**What is needed**
Range to output from the entries below: the line containing "Proof. by split=>" through the line containing "exists v; last first.". Set it down exactly, ends included, nothing else.

Stored dataset items:
[Start of Attachment]

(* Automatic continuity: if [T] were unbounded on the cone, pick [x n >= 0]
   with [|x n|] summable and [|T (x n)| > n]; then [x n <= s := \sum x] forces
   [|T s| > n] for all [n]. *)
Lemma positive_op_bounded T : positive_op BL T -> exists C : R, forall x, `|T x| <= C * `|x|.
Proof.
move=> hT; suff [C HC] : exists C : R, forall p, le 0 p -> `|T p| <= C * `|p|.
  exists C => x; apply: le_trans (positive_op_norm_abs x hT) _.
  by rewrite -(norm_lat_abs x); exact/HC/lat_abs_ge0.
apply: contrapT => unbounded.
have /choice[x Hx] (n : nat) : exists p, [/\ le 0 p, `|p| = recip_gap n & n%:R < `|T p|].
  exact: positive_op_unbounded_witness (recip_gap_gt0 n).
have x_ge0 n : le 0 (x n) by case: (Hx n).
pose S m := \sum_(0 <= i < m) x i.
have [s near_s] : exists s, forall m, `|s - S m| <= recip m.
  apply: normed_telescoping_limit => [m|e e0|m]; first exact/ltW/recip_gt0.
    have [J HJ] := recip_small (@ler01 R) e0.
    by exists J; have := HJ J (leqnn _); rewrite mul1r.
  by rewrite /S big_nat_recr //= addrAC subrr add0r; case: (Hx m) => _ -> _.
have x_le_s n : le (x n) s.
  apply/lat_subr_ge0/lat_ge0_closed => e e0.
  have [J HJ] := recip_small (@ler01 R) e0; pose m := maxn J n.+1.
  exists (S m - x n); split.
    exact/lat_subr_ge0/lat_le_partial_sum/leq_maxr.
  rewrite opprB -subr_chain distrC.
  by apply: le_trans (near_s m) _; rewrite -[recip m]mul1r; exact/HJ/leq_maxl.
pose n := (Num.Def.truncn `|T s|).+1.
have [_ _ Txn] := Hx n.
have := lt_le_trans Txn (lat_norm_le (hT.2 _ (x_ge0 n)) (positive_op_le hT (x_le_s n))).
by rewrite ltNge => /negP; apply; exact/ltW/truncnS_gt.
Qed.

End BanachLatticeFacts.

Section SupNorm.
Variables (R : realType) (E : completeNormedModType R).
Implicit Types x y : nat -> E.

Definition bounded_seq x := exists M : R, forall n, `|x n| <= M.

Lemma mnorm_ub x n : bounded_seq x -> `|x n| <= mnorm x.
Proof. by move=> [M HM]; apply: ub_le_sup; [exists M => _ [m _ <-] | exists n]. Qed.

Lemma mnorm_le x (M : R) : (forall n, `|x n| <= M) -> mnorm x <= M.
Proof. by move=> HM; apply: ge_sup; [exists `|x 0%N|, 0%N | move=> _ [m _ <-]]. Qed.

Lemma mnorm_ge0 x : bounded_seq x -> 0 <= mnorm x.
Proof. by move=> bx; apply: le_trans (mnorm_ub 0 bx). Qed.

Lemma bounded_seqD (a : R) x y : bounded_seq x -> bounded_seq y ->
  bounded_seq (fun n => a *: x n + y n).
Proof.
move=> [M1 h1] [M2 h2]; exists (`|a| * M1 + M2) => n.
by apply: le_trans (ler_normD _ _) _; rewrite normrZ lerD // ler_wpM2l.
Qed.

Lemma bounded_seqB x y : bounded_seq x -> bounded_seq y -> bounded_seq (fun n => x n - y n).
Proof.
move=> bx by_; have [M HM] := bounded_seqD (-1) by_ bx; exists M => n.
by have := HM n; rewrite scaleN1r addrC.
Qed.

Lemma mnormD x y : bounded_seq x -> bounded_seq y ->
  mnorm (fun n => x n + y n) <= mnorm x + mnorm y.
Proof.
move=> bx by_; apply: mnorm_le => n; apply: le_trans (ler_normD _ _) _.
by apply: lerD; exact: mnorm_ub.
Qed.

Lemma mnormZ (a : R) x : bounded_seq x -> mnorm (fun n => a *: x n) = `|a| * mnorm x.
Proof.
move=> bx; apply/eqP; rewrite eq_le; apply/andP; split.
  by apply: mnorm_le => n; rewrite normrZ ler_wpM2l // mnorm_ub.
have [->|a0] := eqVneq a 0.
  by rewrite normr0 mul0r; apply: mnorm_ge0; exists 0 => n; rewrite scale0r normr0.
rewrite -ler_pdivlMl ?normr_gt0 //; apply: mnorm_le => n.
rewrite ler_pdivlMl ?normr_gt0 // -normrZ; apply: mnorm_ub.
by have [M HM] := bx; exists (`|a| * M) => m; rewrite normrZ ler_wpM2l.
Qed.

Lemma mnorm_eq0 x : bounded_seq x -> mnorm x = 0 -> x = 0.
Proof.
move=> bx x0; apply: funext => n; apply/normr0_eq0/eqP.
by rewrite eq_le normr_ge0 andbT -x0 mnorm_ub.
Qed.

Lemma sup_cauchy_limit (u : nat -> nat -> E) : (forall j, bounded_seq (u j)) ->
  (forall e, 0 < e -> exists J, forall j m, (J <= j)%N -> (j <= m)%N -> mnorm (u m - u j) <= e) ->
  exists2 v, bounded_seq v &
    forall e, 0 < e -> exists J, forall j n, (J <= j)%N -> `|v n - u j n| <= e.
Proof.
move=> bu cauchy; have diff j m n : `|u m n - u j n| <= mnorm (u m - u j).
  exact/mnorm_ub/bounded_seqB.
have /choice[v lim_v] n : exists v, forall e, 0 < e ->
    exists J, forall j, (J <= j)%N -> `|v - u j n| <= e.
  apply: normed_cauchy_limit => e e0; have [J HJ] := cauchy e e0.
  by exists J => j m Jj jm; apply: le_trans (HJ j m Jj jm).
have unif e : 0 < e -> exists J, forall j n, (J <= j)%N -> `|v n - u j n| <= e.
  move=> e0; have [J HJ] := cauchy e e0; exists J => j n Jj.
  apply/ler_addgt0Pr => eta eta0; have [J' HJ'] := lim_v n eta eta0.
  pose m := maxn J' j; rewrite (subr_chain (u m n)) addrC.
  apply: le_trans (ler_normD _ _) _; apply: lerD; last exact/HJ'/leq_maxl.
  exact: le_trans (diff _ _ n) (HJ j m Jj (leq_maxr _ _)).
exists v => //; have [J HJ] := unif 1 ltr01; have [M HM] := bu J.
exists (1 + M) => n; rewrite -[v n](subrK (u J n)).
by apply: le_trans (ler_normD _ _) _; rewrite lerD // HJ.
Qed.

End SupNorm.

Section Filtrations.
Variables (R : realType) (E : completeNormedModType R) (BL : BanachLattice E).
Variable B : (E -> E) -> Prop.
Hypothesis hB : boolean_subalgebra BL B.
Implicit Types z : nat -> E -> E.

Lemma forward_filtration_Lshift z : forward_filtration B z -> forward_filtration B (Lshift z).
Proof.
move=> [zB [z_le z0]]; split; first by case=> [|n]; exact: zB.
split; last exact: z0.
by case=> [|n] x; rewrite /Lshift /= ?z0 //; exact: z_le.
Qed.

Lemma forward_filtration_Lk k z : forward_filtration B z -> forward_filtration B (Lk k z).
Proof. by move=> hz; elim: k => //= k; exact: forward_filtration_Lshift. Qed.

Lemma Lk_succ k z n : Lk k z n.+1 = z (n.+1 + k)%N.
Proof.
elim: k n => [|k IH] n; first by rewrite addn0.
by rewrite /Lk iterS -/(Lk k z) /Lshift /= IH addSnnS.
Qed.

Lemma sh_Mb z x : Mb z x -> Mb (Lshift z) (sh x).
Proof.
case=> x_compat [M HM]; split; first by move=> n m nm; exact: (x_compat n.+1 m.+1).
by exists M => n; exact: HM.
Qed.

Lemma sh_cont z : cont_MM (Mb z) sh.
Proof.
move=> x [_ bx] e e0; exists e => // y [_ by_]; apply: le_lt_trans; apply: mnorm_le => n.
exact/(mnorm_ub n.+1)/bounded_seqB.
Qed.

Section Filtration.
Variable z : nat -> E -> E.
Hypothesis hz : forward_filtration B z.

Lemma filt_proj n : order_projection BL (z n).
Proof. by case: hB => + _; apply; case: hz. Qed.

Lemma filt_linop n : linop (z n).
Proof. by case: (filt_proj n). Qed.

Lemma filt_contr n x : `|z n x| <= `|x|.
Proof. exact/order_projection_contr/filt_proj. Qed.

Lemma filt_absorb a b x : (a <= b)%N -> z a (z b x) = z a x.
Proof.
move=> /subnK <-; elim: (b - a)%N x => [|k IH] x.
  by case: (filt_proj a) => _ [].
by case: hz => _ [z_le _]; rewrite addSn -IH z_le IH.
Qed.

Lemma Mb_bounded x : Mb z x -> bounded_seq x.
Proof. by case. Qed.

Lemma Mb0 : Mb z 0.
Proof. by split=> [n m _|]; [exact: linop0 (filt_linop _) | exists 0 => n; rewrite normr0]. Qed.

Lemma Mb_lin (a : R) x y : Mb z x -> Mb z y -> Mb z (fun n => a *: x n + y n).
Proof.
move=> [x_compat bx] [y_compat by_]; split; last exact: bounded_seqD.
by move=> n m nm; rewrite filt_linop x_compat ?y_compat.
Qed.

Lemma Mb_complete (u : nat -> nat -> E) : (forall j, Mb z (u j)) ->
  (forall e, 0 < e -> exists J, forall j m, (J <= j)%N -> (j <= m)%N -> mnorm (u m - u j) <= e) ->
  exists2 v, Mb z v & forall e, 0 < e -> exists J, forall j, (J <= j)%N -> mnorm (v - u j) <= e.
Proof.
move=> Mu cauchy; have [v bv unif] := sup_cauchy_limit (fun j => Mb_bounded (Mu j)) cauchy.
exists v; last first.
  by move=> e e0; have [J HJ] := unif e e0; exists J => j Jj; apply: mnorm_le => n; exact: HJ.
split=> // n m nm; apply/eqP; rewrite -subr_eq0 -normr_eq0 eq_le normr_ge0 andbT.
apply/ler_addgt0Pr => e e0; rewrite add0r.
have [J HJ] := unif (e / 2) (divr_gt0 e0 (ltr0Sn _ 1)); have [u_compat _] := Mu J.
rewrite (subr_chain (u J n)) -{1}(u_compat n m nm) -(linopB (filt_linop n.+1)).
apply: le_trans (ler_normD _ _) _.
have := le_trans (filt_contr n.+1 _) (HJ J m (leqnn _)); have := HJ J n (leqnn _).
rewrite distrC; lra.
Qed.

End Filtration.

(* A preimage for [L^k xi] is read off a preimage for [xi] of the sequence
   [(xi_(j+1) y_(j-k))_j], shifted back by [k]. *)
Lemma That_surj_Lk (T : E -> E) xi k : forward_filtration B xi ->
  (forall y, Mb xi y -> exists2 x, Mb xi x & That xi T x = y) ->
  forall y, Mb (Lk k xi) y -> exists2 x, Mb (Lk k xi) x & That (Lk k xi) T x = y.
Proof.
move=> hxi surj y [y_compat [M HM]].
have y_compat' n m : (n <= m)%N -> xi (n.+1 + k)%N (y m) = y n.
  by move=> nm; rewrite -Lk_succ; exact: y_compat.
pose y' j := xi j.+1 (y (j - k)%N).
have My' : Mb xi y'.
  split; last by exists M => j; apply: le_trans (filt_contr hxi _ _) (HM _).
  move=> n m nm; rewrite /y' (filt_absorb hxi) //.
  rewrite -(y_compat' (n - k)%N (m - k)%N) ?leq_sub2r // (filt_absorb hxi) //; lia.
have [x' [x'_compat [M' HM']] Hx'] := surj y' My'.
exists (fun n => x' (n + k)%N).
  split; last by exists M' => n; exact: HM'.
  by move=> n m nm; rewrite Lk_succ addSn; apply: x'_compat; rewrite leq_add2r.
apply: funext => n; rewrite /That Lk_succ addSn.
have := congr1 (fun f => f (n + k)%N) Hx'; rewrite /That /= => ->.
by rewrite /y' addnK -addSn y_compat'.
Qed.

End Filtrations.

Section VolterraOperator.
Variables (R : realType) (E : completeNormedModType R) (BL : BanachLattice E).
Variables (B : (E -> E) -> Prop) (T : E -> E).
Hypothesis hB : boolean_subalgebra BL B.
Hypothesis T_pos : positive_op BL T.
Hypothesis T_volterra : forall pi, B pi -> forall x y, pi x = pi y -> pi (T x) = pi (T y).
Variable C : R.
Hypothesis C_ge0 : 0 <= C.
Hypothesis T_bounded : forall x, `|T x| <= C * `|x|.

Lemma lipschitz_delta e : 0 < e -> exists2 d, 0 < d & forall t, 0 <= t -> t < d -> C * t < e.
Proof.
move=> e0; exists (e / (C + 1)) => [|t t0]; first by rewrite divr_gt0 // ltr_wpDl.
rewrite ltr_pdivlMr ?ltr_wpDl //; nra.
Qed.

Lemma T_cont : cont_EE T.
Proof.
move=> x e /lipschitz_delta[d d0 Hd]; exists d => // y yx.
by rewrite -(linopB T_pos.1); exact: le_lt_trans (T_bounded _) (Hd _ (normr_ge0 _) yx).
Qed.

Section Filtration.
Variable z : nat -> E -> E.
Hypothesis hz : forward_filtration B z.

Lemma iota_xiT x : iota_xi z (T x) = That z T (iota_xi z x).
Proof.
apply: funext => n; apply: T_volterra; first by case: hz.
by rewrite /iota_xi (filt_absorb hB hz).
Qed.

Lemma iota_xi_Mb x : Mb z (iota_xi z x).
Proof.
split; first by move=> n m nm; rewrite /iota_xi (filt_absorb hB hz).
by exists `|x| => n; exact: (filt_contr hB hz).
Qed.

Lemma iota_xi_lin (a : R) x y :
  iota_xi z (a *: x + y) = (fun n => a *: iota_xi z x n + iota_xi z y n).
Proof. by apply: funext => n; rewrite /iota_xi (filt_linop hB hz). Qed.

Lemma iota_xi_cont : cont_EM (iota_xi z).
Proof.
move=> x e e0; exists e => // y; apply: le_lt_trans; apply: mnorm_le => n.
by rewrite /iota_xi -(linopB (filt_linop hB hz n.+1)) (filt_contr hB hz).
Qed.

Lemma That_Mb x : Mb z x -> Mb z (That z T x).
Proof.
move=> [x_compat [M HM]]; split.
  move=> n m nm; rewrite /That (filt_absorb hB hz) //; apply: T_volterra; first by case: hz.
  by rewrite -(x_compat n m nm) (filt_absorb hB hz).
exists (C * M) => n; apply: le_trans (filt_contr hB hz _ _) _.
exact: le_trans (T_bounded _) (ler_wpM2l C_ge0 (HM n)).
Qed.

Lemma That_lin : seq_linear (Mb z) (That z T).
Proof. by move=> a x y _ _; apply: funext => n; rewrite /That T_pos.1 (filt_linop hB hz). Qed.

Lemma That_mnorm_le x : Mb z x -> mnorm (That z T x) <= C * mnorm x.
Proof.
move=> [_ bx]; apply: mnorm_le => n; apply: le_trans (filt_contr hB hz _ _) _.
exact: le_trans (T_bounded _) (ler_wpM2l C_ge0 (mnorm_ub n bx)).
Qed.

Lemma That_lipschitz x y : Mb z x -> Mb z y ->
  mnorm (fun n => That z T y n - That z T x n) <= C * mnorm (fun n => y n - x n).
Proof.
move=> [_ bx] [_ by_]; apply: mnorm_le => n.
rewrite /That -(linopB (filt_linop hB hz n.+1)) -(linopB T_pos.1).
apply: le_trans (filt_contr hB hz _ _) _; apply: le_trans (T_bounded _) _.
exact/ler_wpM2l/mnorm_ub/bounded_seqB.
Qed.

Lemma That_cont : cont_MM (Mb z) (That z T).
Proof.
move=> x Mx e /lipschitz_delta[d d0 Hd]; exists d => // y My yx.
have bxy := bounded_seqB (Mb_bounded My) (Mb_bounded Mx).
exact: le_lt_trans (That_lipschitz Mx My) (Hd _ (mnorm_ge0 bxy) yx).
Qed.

[End of Attachment]
[Start of Attachment]

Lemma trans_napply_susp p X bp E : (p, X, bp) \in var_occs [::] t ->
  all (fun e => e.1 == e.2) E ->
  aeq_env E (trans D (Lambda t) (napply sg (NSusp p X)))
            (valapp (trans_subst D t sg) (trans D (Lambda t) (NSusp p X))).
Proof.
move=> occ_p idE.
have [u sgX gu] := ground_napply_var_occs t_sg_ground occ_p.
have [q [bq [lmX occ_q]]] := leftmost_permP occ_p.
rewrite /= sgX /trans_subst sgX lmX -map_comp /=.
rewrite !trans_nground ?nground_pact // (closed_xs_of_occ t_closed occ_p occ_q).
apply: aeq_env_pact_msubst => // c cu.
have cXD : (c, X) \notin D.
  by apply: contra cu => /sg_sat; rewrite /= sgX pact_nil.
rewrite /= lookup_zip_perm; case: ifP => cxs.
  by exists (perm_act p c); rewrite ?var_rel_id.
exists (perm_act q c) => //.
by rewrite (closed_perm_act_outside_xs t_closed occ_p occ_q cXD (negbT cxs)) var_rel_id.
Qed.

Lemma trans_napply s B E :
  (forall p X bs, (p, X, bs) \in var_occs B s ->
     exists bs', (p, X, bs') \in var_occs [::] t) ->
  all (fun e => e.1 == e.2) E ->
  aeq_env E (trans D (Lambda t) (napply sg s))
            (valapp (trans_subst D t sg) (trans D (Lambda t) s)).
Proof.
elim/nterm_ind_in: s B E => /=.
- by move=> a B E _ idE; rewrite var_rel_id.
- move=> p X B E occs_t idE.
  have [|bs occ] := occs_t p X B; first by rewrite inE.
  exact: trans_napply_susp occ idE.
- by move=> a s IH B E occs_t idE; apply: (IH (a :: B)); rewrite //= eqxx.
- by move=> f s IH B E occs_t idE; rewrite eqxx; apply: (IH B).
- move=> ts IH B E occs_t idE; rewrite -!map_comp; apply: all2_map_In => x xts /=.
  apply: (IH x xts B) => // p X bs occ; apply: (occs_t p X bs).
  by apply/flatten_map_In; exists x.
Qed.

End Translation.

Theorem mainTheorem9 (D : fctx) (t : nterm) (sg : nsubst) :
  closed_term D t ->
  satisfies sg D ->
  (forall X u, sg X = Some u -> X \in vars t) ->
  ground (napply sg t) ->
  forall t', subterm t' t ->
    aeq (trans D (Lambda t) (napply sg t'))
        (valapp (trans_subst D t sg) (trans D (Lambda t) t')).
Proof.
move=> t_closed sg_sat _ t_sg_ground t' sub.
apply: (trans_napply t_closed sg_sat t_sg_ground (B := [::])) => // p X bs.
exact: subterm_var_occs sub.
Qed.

[End of Attachment]
[Start of Attachment]

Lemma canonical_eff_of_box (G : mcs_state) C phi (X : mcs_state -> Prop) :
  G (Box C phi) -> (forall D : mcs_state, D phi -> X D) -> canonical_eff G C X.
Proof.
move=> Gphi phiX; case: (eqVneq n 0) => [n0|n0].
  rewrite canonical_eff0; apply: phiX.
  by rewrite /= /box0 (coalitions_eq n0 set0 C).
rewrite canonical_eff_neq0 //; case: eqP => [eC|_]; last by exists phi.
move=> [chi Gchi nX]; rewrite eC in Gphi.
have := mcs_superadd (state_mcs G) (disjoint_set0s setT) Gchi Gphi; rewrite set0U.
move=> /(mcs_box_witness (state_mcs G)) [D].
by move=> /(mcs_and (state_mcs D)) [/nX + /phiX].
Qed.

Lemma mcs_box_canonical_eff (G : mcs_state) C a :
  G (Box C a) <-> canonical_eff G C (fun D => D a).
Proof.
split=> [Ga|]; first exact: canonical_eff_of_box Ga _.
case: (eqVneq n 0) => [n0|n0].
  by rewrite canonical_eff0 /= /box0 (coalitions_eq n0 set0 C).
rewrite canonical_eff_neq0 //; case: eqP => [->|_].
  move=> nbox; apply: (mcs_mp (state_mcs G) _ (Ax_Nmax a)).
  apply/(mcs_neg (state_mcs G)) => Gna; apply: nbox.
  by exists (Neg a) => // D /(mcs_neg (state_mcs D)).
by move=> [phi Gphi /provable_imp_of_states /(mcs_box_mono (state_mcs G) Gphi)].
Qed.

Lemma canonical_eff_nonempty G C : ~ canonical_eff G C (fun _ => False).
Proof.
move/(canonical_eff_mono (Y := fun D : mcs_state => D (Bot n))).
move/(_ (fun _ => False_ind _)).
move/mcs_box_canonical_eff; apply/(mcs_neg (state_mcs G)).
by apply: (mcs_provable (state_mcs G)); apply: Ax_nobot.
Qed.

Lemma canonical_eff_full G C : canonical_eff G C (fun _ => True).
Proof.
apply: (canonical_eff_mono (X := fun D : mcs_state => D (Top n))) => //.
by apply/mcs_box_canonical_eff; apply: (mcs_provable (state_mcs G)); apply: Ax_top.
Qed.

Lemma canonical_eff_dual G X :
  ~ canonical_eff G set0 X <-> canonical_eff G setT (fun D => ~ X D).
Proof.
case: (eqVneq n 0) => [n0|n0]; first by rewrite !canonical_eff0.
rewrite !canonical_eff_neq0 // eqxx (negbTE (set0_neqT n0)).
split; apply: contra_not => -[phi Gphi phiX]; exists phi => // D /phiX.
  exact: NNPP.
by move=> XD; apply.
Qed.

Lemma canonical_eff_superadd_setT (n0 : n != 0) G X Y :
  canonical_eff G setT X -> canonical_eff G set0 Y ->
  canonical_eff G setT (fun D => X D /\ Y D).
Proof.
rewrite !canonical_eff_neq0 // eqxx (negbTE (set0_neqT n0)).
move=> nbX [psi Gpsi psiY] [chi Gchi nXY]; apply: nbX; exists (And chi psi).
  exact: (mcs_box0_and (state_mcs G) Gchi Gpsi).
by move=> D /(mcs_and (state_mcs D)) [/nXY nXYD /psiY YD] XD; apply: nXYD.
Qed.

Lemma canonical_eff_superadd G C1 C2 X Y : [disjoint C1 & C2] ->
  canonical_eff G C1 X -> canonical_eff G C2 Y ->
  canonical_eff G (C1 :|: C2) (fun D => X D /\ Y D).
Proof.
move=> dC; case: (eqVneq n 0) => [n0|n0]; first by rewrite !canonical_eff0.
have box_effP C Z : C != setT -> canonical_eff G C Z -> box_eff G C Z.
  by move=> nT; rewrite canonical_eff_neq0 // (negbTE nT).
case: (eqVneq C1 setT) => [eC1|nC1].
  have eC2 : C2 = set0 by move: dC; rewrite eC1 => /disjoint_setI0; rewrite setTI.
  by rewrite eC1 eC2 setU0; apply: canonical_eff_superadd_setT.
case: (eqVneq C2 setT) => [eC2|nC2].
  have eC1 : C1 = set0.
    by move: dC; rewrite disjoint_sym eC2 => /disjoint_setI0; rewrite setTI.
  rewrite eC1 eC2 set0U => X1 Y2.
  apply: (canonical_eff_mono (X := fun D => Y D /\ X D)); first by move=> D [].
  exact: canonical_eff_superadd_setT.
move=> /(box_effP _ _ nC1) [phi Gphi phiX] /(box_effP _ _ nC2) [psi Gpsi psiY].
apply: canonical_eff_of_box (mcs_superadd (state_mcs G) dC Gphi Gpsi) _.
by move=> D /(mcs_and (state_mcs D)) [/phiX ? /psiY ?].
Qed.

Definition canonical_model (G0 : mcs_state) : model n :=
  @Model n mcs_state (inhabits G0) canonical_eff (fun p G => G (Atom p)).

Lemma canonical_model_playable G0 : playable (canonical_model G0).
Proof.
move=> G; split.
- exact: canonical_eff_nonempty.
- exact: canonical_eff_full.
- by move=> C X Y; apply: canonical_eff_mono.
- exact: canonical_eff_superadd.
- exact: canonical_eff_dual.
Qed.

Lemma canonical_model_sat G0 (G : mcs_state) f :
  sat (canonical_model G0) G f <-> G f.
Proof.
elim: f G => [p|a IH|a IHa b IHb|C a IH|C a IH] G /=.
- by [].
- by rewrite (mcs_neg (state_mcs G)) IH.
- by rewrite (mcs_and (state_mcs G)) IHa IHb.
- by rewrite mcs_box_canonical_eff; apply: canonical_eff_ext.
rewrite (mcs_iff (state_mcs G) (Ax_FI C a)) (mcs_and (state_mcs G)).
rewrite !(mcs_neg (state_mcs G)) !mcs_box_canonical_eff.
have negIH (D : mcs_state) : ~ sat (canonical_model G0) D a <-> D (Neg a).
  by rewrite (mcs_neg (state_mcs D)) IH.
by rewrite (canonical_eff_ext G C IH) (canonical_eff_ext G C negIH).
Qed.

[End of Attachment]

**Task response**
Proof. by split=> [n m _|]; [exact: linop0 (filt_linop _) | exists 0 => n; rewrite normr0]. Qed.

Lemma Mb_lin (a : R) x y : Mb z x -> Mb z y -> Mb z (fun n => a *: x n + y n).
Proof.
move=> [x_compat bx] [y_compat by_]; split; last exact: bounded_seqD.
by move=> n m nm; rewrite filt_linop x_compat ?y_compat.
Qed.

Lemma Mb_complete (u : nat -> nat -> E) : (forall j, Mb z (u j)) ->
  (forall e, 0 < e -> exists J, forall j m, (J <= j)%N -> (j <= m)%N -> mnorm (u m - u j) <= e) ->
  exists2 v, Mb z v & forall e, 0 < e -> exists J, forall j, (J <= j)%N -> mnorm (v - u j) <= e.
Proof.
move=> Mu cauchy; have [v bv unif] := sup_cauchy_limit (fun j => Mb_bounded (Mu j)) cauchy.
exists v; last first.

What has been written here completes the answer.